Etan surprised Alex by laughing under his breath and leaning over to kiss his cheek.
“Okay, okay. I don’t like it, but I’ll do it for you. Can you do something for me? Wait a couple of months, for one thing. I promise I’ll go, but give me some time to get ready.”
“Done. They’re not meeting all that often anyway. I promise I won’t bug you about it again until at least June.”
“Thank you. And maybe see if they can have a subcommittee or informal meeting or whatever they want to call it? If I have to walk in there in front of a huge crowd like I’m auditioning or defending a thesis, I’ll never make it. I think I can handle talking to a smaller group first.”
Tension he hadn’t quite been aware of left Alex’s shoulders and neck. He hadn’t wanted to admit it with Etan so jumpy, but this wasn’t a simple matter of keeping their hard-won place in their new community.

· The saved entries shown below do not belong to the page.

(* Let $S=\sum_{i=1}^r u_i^{\otimes 3}$ be a symmetric tensor in $\mathbb{C}^{n\times n\times n}$, where $u_1,\dots,u_r\in\mathbb{C}^n$ are pairwise orthogonal nonzero vectors. Then the slices of $S$ pairwise commute. Moreover, the following are equivalent: (i) all the $u_i$ are isotropic; (ii) the product of any two (possibly equal) slices of $S$ is the zero matrix. Consequently, if (i) holds, then in any other decomposition $S=\sum_{i=1}^q v_i^{\otimes 3}$ with $v_1,\dots,v_q$ pairwise orthogonal nonzero vectors, all the $v_i$ are isotropic.
   Context: The $k$-th slice of a symmetric tensor $S$ is $S_k=(S_{ijk})_{1\le i,j\le n}$. $\langle x,y\rangle=\sum_i x_iy_i$ on $\mathbb{C}^n$ (bilinear, non-Hermitian); $u,v$ are orthogonal if $\langle u,v\rangle=0$; a nonzero vector $v$ is isotropic if $\langle v,v\rangle=0$. *)

From HB Require Import structures.
From mathcomp Require Import all_boot all_order all_algebra.
Set Implicit Arguments. Unset Strict Implicit. Unset Printing Implicit Defensive.
Import Order.TTheory GRing.Theory Num.Theory.
Local Open Scope ring_scope.

(* Bilinear (non-Hermitian) form <x,y> = sum_i x_i y_i on row vectors. *)
Definition bdot (R : numClosedFieldType) (n : nat) (x y : 'rV[R]_n) : R :=
  \sum_(i < n) x 0 i * y 0 i.

Definition orthogonal_vec (R : numClosedFieldType) (n : nat) (x y : 'rV[R]_n) : Prop :=
  bdot x y = 0.

Definition isotropic (R : numClosedFieldType) (n : nat) (v : 'rV[R]_n) : Prop :=
  v != 0 /\ bdot v v = 0.

Definition tensor3 (R : numClosedFieldType) (n : nat) := 'I_n -> 'I_n -> 'I_n -> R.

Definition sym_decomp (R : numClosedFieldType) (n r : nat) (u : 'I_r -> 'rV[R]_n)
  : tensor3 R n :=
  fun i j k => \sum_(a < r) u a 0 i * u a 0 j * u a 0 k.

Definition slice (R : numClosedFieldType) (n : nat) (S : tensor3 R n) (k : 'I_n) : 'M[R]_n :=
  \matrix_(i, j) S i j k.

From HB Require Import structures.
From mathcomp Require Import all_boot all_order all_algebra.
From mathcomp Require Import ring.
Set Implicit Arguments. Unset Strict Implicit. Unset Printing Implicit Defensive.
Import GRing.Theory Num.Theory.
Local Open Scope ring_scope.

(* Contracting against u_b a combination of pairwise orthogonal vectors u_a
   keeps only the b-th term.  Applied inside a product of slices this gives
   (S_k S_l)_ij = sum_a <u_a,u_a> u_ai u_aj u_ak u_al, which is symmetric in
   k, l and vanishes when every u_a is isotropic.  Conversely, if S_j S_j = 0
   then sum_a (<u_a,u_a> u_aj^3) u_a = 0, and contracting with u_b at a
   coordinate j where u_bj != 0 forces <u_b,u_b> = 0.  The last claim follows
   because the slices only depend on the tensor, not on the decomposition. *)

Lemma rowV_neq0 (R : pzRingType) (n : nat) (v : 'rV[R]_n) :
  v != 0 -> exists j, v 0 j != 0.
Proof.
move=> v_neq0; apply/existsP; apply: contraNT v_neq0.
rewrite negb_exists => /forallP v0; apply/eqP/rowP => j.
by rewrite mxE; apply/eqP; rewrite -[_ == _]negbK v0.
Qed.

Lemma slice_ext (R : numClosedFieldType) (n : nat) (S T : tensor3 R n) :
  (forall i j k, S i j k = T i j k) -> slice S =1 slice T.
Proof. by move=> eqST k; apply/matrixP => i j; rewrite !mxE eqST. Qed.

Section OrthogonalDecomposition.
Variables (R : numClosedFieldType) (n r : nat) (u : 'I_r -> 'rV[R]_n).
Hypothesis u_orth : forall a b, a != b -> orthogonal_vec (u a) (u b).

Lemma bdot_orth_combination (f : 'I_r -> R) b :
  \sum_(m < n) u b 0 m * (\sum_(a < r) f a * u a 0 m) = f b * bdot (u b) (u b).
Proof.
under eq_bigr do rewrite mulr_sumr.
rewrite exchange_big /= (bigD1 b) //= [X in _ + X]big1 ?addr0 => [|a ab].
  by rewrite /bdot mulr_sumr; apply: eq_bigr => m _; ring.
have := u_orth ab; rewrite /orthogonal_vec /bdot => uab0.
transitivity (f a * \sum_(m < n) u a 0 m * u b 0 m); last by rewrite uab0 mulr0.
by rewrite mulr_sumr; apply: eq_bigr => m _; ring.
Qed.

Lemma mul_slice_sym_decompE k l i j :
  (slice (sym_decomp u) k *m slice (sym_decomp u) l) i j =
  \sum_(a < r) bdot (u a) (u a) * (u a 0 i * u a 0 j * u a 0 k * u a 0 l).
Proof.
rewrite mxE.
under eq_bigr => m _ do rewrite !mxE /sym_decomp big_distrl /=.
rewrite exchange_big /=; apply: eq_bigr => a _.
transitivity (u a 0 i * u a 0 k *
  \sum_(m < n) u a 0 m * \sum_(b < r) (u b 0 j * u b 0 l) * u b 0 m).
  rewrite mulr_sumr; apply: eq_bigr => m _; rewrite !mulr_sumr.
  by apply: eq_bigr => b _; ring.
by rewrite bdot_orth_combination; ring.
Qed.

Lemma mul_sliceC k l :
  slice (sym_decomp u) k *m slice (sym_decomp u) l
  = slice (sym_decomp u) l *m slice (sym_decomp u) k.
Proof.
apply/matrixP => i j; rewrite !mul_slice_sym_decompE.
by apply: eq_bigr => a _; ring.
Qed.

Lemma isotropic_mul_slice0 :
  (forall a, isotropic (u a)) ->
  forall k l, slice (sym_decomp u) k *m slice (sym_decomp u) l = 0.
Proof.
move=> u_iso k l; apply/matrixP => i j; rewrite mul_slice_sym_decompE mxE.
by apply: big1 => a _; case: (u_iso a) => _ ->; rewrite mul0r.
Qed.

Lemma mul_slice0_isotropic :
  (forall a, u a != 0) ->
  (forall k l, slice (sym_decomp u) k *m slice (sym_decomp u) l = 0) ->
  forall b, isotropic (u b).
Proof.
move=> u_nz slice0 b; split; first exact: u_nz.
have [j ubj_neq0] := rowV_neq0 (u_nz b).
pose f a := bdot (u a) (u a) * u a 0 j ^+ 3.
have comb0 i : \sum_(a < r) f a * u a 0 i = 0.
  move/matrixP/(_ i j): (slice0 j j); rewrite mul_slice_sym_decompE mxE => prod0.
  by rewrite -[RHS]prod0; apply: eq_bigr => a _; rewrite /f; ring.
have : f b * bdot (u b) (u b) = 0.
  by rewrite -bdot_orth_combination big1 // => m _; rewrite comb0 mulr0.
by move/eqP; rewrite /f !mulf_eq0 (negbTE ubj_neq0) /= orbF orbb => /eqP.
Qed.

End OrthogonalDecomposition.

Theorem proposition28 (R : numClosedFieldType) (n r : nat) (u : 'I_r -> 'rV[R]_n)
  (u_nz : forall a, u a != 0)
  (u_orth : forall a b, a != b -> orthogonal_vec (u a) (u b)) :
  (forall k l : 'I_n,
      slice (sym_decomp u) k *m slice (sym_decomp u) l
      = slice (sym_decomp u) l *m slice (sym_decomp u) k)
  /\ ((forall a, isotropic (u a)) <->
      (forall k l : 'I_n, slice (sym_decomp u) k *m slice (sym_decomp u) l = 0))
  /\ ((forall a, isotropic (u a)) ->
      forall (q : nat) (v : 'I_q -> 'rV[R]_n),
        (forall b, v b != 0) ->
        (forall b c, b != c -> orthogonal_vec (v b) (v c)) ->
        (forall i j k, sym_decomp v i j k = sym_decomp u i j k) ->
        forall b, isotropic (v b)).
Proof.
split; first exact: mul_sliceC.
split.
  by split; [exact: isotropic_mul_slice0 | exact: mul_slice0_isotropic].
move=> u_iso q v v_nz v_orth eq_vu.
apply: mul_slice0_isotropic => // k l.
rewrite !(slice_ext eq_vu).
exact: isotropic_mul_slice0.
Qed.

Alex had a feeling, far more deep and resonant than a hunch, that he and Etan and everyone else in Wolf Branch weren’t finished fighting to survive the end of the world.
Some part of him knew more struggles waited, and wanted every possible advantage they could get.
“I’ll see what I can do, sweetie,” he said, pulling Etan after him and away from the shed. “If you’ll take me home and figure out how to warm both of us up.”